◆ Problem description
A verbatim copy of the lines starting at the one with "have -> : 'D_v" and ending at the last line below is required; include nothing else.

-- Data provided follows --

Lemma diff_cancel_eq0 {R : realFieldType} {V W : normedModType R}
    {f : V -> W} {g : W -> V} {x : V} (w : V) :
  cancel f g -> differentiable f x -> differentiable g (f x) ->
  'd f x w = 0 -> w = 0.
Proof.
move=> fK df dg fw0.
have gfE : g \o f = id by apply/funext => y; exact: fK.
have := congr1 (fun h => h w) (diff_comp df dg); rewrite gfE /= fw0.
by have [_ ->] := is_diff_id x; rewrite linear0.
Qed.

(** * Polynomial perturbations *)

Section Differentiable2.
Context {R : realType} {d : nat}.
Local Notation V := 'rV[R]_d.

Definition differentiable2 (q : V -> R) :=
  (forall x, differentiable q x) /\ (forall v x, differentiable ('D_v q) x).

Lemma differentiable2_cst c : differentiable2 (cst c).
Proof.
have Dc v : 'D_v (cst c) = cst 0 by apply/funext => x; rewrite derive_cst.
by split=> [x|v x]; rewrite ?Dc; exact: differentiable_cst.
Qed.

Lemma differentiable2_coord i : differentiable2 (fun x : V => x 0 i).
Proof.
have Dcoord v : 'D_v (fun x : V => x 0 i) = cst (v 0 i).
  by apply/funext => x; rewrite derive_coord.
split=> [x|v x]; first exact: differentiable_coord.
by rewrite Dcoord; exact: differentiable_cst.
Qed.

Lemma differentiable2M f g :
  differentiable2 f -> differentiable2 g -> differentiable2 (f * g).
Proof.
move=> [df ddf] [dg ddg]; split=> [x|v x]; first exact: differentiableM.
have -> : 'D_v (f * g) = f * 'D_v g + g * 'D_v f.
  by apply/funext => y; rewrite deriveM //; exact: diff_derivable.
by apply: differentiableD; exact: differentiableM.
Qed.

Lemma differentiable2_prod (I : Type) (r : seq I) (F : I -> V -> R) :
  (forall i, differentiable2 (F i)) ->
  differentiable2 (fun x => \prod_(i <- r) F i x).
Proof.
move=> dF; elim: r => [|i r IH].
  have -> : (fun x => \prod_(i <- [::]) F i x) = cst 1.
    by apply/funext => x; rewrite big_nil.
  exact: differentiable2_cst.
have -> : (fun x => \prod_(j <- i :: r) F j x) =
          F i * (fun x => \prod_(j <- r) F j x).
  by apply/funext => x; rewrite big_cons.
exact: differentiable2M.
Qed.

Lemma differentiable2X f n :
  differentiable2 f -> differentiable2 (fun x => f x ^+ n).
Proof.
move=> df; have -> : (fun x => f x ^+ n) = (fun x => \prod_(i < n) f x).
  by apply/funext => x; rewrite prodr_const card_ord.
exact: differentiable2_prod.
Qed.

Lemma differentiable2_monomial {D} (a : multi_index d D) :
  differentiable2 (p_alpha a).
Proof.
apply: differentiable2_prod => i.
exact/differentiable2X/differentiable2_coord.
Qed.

-- Data provided concluded --

◆ Output for this task
have -> : 'D_v (f * g) = f * 'D_v g + g * 'D_v f.
  by apply/funext => y; rewrite deriveM //; exact: diff_derivable.
by apply: differentiableD; exact: differentiableM.
Qed.

Lemma differentiable2_prod (I : Type) (r : seq I) (F : I -> V -> R) :
  (forall i, differentiable2 (F i)) ->
  differentiable2 (fun x => \prod_(i <- r) F i x).
Proof.
move=> dF; elim: r => [|i r IH].
  have -> : (fun x => \prod_(i <- [::]) F i x) = cst 1.
    by apply/funext => x; rewrite big_nil.
  exact: differentiable2_cst.
have -> : (fun x => \prod_(j <- i :: r) F j x) =
          F i * (fun x => \prod_(j <- r) F j x).
  by apply/funext => x; rewrite big_cons.
exact: differentiable2M.
Qed.

Lemma differentiable2X f n :
  differentiable2 f -> differentiable2 (fun x => f x ^+ n).
Proof.
move=> df; have -> : (fun x => f x ^+ n) = (fun x => \prod_(i < n) f x).
  by apply/funext => x; rewrite prodr_const card_ord.
exact: differentiable2_prod.
Qed.

Lemma differentiable2_monomial {D} (a : multi_index d D) :
  differentiable2 (p_alpha a).
Proof.
apply: differentiable2_prod => i.
exact/differentiable2X/differentiable2_coord.
Qed.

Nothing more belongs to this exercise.